IV

“It is not more difficult to write a good play,” so the Spanish dramatist Benavente has declared, “than it is to write a good sonnet; only one must know how to write it—just as one must know how to write a sonnet. This is the principal resemblance between the drama and the other forms of literature.”

The writing of a sonnet imposes rigorous restrictions on a poet; he must utter his thought completely in fourteen lines, no more and no less, and these lines must conform to a prescribed sequence of rimes. But the masters of the sonnet have proved that this enforced compression and this arbitrary arrangement may be a help rather than a hindrance,—not a stumbling block, but a stepping stone to higher achievement. May not the limitations under which Shakspere had to work, may not the necessity of cutting his cloth to fit his comrades, may not these enforced conditions have also been helpful and not harmful? And if this is possible (and even probable) what warrant have we for thinking scorn of the great dramatist because he was a good work-man, making the best of the only tools he had? In disposing important characters to the acting of Burbage, Shakspere was probably no more conscious of being cribbed, cabined, and confined than was Milton when he shut himself up in the narrow cell of the sonnet.
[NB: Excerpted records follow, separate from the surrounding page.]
Lemma E_subst_constraint_mcoeff f q m k :
  annihilated (3 * k) (pi_subst f) -> f@_m = 1 -> (k <= mdeg m)%N ->
  (pdeg (f * q)%R <= d)%N -> E (pi_subst (f * q)) = 0.
Proof.
move=> Af coef1 le_k; have coef_neq0 : f@_m != 0 by rewrite coef1 oner_neq0.
apply: E_subst_constraint Af (leq_trans le_k (mdeg_le_pdeg coef_neq0)) _.
by apply: contraNneq coef_neq0 => ->; rewrite mcoeff0.
Qed.

Lemma iso_pseudo_exp_subst : iso_pseudo_exp eG eH d (fun p => E (pi_subst p)).
Proof.
have [E_lin [E1 [_ [_ [_ E_psd]]]]] := E_xor.
split; first by move=> a p q; rewrite rmorphD /= comp_mpolyZ; apply: E_lin.
split; first by rewrite rmorph1.
split.
  move=> u v q.
  apply: (E_subst_constraint_mcoeff (k := 2) _ (mcoeff_idem_ind R ((u, v) : VV))).
  - by rewrite rmorphB rmorphXn /= pi_subst_ind; apply: annihilated_pi_idem.
  - by rewrite mdegMn mdeg1.
split.
  move=> u q; pose v0 : VH := inl (vertex_var u, false).
  apply: (E_subst_constraint_mcoeff (k := 1) _ (mcoeff_row_ind R u v0)).
  - rewrite rmorphB rmorph_sum rmorph1 /=; under eq_bigr do rewrite pi_subst_ind.
    exact: annihilated_pi_row.
  - by rewrite mdeg1.
split.
  move=> v q; pose u0 : VG := inl (vertex_var v, false).
  apply: (E_subst_constraint_mcoeff (k := 1) _ (mcoeff_col_ind R u0 v)).
  - rewrite rmorphB rmorph_sum rmorph1 /=; under eq_bigr do rewrite pi_subst_ind.
    exact: annihilated_pi_col.
  - by rewrite mdeg1.
split.
  move=> p; rewrite -/edge_poly.
  have [->|neq0] := eqVneq (edge_poly - ((narcs eG)./2)%:R) 0.
    by rewrite mul0r rmorph0 (lfun0 xor_lfun).
  move=> le_d; rewrite (E_subst_constraint (k := 2)) ?pdeg_edge_constraint //.
  by rewrite rmorphB rmorph_nat; apply: annihilated_edge_constraint.
move=> p le_d; rewrite rmorphXn /=; apply: E_psd.
apply: leq_trans (leq_mul (leqnn 2) (pdeg_pi_subst p)) _.
by rewrite mulnCA (leq_trans _ le_3d_r) // leq_mul2l le_d orbT.
Qed.

End DegreeBound.
End XorToIso.

(* The variables of an equation need not be distinct for this argument. *)
Theorem lemma4p2 (R : realType) (X C : finType)
  (vars : C -> 'I_3 -> X) (rhs : C -> bool) (r : nat) :
  (forall c, injective (vars c)) ->
  (exists E : polyT R (X * bool)%type -> R, xor_pseudo_exp vars rhs r E) ->
  forall d : nat, (3 * d <= r)%N ->
  exists E' : polyT R (gvert X rhs * gvert X (@rhs0 C))%type -> R,
    iso_pseudo_exp (gadj vars (rhs:=rhs)) (gadj vars (rhs:=@rhs0 C)) d E'.
Proof.
move=> _ [E E_xor] d le_3d_r.
by eexists; exact: (iso_pseudo_exp_subst E_xor le_3d_r).
Qed.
The artist must be free to express himself, but he attains the loftiest freedom when he accepts the principle of liberty within the law. Many of the masterpieces of the several arts have been produced under restrictions as sharply defined as those of the sonnet, and have been all the finer because of these restrictions. The architect, for one, does not choose what he shall build, he has perforce to design an edifice for a special purpose on a special area. The mural painter has a given wall-space assigned to him, where his work is to be seen under special conditions of light; and often his subject is also prescribed for him. The sculptor is sometimes subordinate to the architect, who decides upon the size and the subject of the group of statuary needed to enhance the beauty of the building. The artist who modelled the figures in the frieze of the Parthenon had little freedom and yet he wrought a mighty masterpiece. Michael Angelo’s David is what it is because the sculptor was asked to utilize a block of marble of unusual size and shape; and his Last Judgment is what it is because he accepted the commission to decorate the ceiling of the Sistine Chapel. In fact, Michael Angelo’s muse was “of that sorry sort which produces made-to-order garments to fit the tastes and idiosyncrasies of a single” patron.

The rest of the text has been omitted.